[[ Records for this exercise, beginning ]]

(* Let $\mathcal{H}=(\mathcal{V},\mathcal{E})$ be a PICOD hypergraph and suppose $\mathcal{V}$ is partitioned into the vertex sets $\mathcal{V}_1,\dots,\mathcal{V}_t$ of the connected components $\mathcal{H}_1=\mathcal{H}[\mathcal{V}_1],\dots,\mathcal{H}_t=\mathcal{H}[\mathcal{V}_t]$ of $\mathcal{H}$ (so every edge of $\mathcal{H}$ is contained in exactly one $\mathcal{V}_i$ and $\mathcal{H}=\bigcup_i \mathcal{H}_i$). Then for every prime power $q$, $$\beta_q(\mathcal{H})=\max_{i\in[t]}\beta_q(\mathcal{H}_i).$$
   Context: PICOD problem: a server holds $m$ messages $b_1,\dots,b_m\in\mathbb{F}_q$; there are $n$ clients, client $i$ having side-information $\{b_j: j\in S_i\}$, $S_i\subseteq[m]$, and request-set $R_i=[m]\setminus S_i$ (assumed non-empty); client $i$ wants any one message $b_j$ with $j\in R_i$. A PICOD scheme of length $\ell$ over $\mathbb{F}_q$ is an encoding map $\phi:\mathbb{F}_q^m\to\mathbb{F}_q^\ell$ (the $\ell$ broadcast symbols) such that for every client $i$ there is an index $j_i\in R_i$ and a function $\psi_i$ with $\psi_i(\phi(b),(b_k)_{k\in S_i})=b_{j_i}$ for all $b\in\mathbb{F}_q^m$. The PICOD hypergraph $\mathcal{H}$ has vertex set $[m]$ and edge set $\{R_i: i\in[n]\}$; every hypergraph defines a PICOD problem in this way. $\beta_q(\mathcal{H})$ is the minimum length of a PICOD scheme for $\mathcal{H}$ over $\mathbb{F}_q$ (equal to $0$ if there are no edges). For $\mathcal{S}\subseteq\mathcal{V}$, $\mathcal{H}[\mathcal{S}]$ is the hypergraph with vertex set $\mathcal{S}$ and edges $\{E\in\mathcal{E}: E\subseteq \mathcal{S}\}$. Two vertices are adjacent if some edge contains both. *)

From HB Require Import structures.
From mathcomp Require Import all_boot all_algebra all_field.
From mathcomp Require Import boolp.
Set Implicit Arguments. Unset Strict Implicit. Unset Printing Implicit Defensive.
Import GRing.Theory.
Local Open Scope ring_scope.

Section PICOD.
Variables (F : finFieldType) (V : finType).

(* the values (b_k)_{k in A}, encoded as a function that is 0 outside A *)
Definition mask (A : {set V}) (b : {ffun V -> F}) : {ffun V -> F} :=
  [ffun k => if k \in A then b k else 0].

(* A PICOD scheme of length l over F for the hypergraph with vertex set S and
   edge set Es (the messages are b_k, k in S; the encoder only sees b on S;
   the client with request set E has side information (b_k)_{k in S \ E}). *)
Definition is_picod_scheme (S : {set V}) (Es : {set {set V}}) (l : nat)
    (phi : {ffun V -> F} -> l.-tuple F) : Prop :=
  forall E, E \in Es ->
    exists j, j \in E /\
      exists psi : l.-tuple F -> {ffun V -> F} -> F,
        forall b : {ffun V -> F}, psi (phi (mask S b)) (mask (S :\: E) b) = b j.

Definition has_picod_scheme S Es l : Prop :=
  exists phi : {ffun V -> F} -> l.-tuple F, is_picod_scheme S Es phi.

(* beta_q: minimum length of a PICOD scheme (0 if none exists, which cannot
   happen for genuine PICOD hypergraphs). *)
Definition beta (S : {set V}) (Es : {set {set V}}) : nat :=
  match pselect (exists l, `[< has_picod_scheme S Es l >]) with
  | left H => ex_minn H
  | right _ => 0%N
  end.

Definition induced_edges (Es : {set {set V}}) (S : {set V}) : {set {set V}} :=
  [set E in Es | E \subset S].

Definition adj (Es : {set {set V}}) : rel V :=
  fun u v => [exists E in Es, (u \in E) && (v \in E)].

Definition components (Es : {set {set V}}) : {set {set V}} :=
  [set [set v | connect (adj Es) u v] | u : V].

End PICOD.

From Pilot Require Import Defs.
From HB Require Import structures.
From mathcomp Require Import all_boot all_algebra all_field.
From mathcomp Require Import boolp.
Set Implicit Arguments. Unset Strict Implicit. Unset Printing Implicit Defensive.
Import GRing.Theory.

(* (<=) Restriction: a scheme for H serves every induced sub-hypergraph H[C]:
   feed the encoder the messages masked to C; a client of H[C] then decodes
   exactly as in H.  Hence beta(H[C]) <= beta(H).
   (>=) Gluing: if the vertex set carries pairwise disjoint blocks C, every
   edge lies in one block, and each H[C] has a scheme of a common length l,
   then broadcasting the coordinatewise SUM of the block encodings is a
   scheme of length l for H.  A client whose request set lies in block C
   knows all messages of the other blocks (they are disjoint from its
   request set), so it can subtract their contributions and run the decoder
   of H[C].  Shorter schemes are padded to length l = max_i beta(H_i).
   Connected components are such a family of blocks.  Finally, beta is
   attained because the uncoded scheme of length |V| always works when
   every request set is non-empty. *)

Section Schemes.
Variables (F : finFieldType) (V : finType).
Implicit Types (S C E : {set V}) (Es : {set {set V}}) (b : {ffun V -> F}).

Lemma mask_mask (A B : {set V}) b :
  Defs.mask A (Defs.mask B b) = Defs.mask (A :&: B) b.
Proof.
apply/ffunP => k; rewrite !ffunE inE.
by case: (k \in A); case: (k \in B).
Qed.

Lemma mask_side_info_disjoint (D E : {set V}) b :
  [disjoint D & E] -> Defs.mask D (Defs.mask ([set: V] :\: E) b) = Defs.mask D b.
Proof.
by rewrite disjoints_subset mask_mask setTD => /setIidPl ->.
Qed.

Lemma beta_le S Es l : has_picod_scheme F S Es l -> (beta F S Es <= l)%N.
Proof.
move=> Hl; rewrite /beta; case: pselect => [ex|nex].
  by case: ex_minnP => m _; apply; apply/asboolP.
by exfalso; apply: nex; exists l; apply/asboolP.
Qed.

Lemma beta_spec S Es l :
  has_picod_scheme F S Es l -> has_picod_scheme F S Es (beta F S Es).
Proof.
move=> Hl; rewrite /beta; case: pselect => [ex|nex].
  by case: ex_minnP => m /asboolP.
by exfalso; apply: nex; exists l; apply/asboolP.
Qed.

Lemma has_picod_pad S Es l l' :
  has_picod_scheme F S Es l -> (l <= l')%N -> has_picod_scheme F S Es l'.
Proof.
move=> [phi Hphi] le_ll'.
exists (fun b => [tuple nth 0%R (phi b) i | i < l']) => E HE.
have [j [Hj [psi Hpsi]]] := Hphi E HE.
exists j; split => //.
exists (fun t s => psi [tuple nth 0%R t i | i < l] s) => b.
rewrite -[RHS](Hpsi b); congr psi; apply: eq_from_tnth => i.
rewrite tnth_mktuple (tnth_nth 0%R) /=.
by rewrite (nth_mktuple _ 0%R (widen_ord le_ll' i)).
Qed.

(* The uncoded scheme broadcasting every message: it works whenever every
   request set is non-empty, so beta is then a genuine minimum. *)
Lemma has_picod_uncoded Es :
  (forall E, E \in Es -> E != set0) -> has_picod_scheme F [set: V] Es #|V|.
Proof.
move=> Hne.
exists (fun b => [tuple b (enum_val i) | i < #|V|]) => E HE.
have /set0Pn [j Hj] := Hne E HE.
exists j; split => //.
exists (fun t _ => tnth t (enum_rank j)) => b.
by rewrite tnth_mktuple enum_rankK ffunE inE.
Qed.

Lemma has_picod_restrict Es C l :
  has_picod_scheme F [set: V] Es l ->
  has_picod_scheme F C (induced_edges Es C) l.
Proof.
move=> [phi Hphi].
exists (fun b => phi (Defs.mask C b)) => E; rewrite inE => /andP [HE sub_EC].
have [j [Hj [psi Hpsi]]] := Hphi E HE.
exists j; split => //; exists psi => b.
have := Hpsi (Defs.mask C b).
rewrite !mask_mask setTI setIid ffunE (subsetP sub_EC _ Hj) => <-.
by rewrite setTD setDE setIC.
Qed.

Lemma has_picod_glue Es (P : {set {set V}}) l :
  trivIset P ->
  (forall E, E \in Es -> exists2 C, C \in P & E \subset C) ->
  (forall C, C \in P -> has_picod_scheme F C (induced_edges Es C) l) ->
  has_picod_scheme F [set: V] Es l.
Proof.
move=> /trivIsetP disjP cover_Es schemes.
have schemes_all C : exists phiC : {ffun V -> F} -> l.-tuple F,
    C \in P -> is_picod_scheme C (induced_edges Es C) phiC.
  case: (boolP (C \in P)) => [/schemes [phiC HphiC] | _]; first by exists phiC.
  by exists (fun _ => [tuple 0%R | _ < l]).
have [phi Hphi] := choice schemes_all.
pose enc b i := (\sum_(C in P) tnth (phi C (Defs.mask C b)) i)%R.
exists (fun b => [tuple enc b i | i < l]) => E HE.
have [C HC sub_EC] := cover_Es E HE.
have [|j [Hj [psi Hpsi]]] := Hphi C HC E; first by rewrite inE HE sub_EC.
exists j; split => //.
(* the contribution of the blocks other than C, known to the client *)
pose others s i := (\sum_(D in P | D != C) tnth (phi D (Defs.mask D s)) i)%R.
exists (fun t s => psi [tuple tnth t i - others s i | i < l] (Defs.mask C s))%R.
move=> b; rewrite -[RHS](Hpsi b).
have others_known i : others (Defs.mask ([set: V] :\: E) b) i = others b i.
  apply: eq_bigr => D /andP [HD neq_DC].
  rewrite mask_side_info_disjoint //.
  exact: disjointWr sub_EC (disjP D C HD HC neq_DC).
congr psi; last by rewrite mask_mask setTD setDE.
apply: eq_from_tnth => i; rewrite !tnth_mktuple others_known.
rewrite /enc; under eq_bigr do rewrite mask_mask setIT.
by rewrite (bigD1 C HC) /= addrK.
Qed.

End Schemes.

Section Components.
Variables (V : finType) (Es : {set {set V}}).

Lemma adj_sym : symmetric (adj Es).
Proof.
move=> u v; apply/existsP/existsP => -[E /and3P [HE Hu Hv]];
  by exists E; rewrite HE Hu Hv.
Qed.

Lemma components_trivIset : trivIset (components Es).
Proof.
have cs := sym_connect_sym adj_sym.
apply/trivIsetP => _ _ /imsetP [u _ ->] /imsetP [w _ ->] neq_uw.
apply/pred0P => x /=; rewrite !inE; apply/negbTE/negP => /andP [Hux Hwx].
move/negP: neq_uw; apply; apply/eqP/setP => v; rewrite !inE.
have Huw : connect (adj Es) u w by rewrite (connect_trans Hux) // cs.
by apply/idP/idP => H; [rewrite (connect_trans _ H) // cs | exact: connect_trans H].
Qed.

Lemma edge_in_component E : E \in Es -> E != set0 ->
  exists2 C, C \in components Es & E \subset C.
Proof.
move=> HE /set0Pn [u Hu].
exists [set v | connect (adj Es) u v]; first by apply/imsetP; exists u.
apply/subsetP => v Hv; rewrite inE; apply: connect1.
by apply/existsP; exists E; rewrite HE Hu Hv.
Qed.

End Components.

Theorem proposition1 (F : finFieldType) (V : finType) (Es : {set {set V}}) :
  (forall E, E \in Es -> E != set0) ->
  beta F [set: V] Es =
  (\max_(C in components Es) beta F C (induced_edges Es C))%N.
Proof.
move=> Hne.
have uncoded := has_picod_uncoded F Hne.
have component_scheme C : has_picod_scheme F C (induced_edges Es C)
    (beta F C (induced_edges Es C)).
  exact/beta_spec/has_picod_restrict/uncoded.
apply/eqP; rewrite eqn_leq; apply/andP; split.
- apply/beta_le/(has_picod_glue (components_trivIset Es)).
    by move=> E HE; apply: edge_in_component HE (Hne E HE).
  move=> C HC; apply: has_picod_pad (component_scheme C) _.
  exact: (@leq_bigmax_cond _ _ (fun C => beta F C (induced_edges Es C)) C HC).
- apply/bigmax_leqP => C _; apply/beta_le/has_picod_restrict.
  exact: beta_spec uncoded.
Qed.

[[ Records for this exercise, end ]]

Work item
Above are the entries. Quote exactly the lines from the one bearing "Connected components are" through the one bearing "move=> [phi Hphi] le_ll'.".

Completed task
   Connected components are such a family of blocks.  Finally, beta is
   attained because the uncoded scheme of length |V| always works when
   every request set is non-empty. *)

Section Schemes.
Variables (F : finFieldType) (V : finType).
Implicit Types (S C E : {set V}) (Es : {set {set V}}) (b : {ffun V -> F}).

Lemma mask_mask (A B : {set V}) b :
  Defs.mask A (Defs.mask B b) = Defs.mask (A :&: B) b.
Proof.
apply/ffunP => k; rewrite !ffunE inE.
by case: (k \in A); case: (k \in B).
Qed.

Lemma mask_side_info_disjoint (D E : {set V}) b :
  [disjoint D & E] -> Defs.mask D (Defs.mask ([set: V] :\: E) b) = Defs.mask D b.
Proof.
by rewrite disjoints_subset mask_mask setTD => /setIidPl ->.
Qed.

Lemma beta_le S Es l : has_picod_scheme F S Es l -> (beta F S Es <= l)%N.
Proof.
move=> Hl; rewrite /beta; case: pselect => [ex|nex].
  by case: ex_minnP => m _; apply; apply/asboolP.
by exfalso; apply: nex; exists l; apply/asboolP.
Qed.

Lemma beta_spec S Es l :
  has_picod_scheme F S Es l -> has_picod_scheme F S Es (beta F S Es).
Proof.
move=> Hl; rewrite /beta; case: pselect => [ex|nex].
  by case: ex_minnP => m /asboolP.
by exfalso; apply: nex; exists l; apply/asboolP.
Qed.

Lemma has_picod_pad S Es l l' :
  has_picod_scheme F S Es l -> (l <= l')%N -> has_picod_scheme F S Es l'.
Proof.
move=> [phi Hphi] le_ll'.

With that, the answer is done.